:: Provided data
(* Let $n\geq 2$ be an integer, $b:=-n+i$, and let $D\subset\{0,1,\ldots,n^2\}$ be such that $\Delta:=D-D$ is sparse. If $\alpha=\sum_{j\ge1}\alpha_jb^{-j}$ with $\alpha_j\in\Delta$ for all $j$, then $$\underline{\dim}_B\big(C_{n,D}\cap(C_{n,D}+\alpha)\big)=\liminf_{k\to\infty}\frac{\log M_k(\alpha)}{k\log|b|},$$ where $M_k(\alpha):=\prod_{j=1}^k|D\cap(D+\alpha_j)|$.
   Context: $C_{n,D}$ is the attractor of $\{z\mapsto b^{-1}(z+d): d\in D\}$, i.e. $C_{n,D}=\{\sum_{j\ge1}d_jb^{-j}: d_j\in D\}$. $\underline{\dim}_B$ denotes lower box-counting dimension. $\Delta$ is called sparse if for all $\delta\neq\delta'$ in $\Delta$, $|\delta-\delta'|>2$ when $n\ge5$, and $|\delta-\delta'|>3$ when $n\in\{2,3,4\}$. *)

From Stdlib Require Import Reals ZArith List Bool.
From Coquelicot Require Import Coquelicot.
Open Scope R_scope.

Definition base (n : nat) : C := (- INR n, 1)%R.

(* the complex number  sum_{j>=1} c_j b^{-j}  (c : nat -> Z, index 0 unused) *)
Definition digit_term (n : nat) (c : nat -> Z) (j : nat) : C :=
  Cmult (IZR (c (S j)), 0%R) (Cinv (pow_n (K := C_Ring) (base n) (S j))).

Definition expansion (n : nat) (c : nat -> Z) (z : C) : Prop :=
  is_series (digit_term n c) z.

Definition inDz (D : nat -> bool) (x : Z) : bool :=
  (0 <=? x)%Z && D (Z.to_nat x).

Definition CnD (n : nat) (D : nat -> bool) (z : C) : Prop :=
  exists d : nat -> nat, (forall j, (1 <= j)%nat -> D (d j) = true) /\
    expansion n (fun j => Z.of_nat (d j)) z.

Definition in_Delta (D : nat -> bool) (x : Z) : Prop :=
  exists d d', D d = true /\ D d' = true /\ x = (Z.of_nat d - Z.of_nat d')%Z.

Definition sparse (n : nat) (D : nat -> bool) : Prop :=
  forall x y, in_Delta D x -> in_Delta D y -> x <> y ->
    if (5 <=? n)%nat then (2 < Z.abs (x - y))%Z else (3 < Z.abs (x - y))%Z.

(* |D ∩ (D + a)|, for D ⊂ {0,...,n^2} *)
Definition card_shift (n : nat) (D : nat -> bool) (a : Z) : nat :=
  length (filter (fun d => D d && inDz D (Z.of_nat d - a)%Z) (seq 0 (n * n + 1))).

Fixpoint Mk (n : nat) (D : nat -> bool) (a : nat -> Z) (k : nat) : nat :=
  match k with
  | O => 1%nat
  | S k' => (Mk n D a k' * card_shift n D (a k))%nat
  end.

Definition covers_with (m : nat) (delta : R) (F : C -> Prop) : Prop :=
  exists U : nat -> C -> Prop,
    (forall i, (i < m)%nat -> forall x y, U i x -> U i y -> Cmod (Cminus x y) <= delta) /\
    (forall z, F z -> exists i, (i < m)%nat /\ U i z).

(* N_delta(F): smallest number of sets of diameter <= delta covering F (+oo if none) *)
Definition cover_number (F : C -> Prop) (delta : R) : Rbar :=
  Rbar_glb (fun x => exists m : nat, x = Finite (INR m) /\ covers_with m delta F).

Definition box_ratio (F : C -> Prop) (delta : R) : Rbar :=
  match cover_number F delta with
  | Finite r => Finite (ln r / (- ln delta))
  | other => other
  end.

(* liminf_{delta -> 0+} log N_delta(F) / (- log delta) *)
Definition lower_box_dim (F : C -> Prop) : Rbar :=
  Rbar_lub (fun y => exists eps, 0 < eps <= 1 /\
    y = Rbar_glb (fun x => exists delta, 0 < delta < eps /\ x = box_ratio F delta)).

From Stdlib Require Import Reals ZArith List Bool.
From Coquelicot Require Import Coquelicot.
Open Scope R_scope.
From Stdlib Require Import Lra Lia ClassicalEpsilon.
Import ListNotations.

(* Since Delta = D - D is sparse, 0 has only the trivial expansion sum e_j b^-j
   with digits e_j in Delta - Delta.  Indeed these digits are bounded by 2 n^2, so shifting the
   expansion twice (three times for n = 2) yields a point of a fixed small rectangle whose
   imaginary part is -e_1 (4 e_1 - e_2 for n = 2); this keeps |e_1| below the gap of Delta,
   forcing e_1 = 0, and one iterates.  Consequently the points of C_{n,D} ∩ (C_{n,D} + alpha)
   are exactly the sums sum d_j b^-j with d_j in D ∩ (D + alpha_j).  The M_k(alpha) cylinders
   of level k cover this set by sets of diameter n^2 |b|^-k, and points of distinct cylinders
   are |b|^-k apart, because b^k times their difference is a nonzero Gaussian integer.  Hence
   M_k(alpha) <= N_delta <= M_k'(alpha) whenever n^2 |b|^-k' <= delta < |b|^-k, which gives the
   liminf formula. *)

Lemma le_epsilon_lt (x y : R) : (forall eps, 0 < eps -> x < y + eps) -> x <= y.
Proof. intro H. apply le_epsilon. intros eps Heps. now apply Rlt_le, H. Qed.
::::
:: Provided data
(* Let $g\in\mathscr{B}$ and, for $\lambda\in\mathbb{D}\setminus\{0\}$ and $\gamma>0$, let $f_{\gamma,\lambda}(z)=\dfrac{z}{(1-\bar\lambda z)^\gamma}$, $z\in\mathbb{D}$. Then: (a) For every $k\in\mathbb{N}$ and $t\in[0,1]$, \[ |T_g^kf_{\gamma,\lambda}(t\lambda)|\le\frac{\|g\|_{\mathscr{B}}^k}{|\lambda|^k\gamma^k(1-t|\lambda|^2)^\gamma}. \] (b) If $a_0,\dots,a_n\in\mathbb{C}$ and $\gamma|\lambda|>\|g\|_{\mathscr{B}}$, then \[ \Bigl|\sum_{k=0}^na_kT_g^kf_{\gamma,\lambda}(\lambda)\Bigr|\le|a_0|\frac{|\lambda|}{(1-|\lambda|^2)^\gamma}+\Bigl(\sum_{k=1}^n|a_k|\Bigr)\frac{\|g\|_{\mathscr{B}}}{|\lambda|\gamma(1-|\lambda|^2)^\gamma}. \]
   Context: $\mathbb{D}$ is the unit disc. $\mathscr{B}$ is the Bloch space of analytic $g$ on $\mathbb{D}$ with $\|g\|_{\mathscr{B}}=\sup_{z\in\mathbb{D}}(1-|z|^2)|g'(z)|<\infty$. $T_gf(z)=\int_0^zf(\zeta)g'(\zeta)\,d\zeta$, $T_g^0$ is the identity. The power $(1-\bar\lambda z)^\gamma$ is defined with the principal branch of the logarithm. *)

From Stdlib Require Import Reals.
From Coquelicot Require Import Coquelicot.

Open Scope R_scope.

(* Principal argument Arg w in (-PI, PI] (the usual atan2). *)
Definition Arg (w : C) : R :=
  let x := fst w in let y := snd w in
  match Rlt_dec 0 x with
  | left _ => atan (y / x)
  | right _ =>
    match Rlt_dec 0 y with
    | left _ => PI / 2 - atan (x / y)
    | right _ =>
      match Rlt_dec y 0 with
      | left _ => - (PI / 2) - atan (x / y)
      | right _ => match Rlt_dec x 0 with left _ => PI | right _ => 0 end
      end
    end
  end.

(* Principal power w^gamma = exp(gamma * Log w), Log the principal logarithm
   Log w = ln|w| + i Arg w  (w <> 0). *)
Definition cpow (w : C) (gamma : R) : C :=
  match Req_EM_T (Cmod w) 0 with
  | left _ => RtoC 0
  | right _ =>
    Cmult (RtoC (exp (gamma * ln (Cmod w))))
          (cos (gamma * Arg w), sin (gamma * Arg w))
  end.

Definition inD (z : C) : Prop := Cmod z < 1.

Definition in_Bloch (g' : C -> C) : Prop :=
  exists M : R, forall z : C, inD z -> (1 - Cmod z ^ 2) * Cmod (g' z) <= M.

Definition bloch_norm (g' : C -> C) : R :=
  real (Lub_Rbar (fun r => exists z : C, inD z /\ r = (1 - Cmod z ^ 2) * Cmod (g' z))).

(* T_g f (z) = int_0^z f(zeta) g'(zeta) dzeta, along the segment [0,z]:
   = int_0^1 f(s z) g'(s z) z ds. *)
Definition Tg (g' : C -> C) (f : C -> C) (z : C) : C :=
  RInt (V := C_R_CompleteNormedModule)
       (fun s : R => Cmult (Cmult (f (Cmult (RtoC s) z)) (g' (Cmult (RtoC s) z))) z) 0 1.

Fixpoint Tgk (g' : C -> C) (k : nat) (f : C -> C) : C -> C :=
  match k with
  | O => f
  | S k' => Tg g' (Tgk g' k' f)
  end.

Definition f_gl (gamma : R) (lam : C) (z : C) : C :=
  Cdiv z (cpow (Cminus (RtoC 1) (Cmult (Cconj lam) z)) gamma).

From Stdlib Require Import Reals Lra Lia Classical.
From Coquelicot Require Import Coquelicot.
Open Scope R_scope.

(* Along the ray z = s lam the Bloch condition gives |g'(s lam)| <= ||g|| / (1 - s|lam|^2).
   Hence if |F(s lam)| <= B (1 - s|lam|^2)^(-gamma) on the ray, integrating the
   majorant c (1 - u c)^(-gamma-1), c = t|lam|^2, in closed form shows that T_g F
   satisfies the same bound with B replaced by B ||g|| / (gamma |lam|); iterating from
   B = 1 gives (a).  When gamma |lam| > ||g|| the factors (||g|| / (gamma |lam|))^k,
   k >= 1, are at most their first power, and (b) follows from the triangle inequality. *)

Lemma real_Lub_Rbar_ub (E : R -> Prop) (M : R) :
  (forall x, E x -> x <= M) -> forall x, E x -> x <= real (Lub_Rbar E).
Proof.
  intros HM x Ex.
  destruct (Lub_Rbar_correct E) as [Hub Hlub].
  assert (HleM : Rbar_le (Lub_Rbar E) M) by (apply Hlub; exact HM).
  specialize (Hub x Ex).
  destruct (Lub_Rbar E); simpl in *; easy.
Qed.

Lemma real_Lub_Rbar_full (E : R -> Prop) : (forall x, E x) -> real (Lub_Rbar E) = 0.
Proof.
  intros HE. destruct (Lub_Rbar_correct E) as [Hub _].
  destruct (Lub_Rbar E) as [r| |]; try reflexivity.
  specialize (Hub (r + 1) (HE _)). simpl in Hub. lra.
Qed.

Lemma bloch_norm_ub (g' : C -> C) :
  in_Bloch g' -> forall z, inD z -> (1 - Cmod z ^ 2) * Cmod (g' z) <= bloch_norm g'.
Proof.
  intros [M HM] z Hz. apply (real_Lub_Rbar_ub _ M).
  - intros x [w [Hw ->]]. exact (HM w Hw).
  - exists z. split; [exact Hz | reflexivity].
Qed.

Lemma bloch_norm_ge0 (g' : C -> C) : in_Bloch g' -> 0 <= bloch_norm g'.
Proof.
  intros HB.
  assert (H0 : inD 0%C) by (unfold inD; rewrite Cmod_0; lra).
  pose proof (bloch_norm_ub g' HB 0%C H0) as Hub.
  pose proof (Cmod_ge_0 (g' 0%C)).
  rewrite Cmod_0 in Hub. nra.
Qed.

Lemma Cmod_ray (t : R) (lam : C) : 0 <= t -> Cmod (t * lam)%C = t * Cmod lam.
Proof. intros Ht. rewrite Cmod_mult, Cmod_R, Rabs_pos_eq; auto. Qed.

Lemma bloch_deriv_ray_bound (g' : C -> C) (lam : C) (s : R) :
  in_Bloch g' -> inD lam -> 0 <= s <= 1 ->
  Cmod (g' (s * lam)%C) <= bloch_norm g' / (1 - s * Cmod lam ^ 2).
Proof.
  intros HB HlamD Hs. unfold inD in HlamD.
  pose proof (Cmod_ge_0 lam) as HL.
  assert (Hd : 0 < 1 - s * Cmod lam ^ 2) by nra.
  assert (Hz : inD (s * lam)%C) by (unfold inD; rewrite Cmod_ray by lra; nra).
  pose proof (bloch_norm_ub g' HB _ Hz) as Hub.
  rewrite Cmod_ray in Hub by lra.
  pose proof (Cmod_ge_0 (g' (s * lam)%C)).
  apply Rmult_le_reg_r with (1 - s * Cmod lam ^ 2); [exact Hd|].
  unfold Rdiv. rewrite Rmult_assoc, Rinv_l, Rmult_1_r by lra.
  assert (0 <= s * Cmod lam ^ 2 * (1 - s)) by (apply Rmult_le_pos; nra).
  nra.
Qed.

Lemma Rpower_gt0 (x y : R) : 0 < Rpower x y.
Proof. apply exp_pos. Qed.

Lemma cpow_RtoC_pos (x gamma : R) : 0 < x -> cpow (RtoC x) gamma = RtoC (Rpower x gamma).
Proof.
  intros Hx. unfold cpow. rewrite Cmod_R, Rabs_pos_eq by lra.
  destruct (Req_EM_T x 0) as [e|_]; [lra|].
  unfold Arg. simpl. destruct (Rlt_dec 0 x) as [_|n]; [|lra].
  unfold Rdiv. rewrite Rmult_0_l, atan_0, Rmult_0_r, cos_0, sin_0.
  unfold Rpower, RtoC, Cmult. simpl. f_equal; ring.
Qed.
::::
Exercise brief:
Leave out every line above except those from the line with "rewrite Cmod_0 in Hub. nra." up to and including the line with "assert (Hd : 0", and copy those exactly.

Reply:
  rewrite Cmod_0 in Hub. nra.
Qed.

Lemma Cmod_ray (t : R) (lam : C) : 0 <= t -> Cmod (t * lam)%C = t * Cmod lam.
Proof. intros Ht. rewrite Cmod_mult, Cmod_R, Rabs_pos_eq; auto. Qed.

Lemma bloch_deriv_ray_bound (g' : C -> C) (lam : C) (s : R) :
  in_Bloch g' -> inD lam -> 0 <= s <= 1 ->
  Cmod (g' (s * lam)%C) <= bloch_norm g' / (1 - s * Cmod lam ^ 2).
Proof.
  intros HB HlamD Hs. unfold inD in HlamD.
  pose proof (Cmod_ge_0 lam) as HL.
  assert (Hd : 0 < 1 - s * Cmod lam ^ 2) by nra.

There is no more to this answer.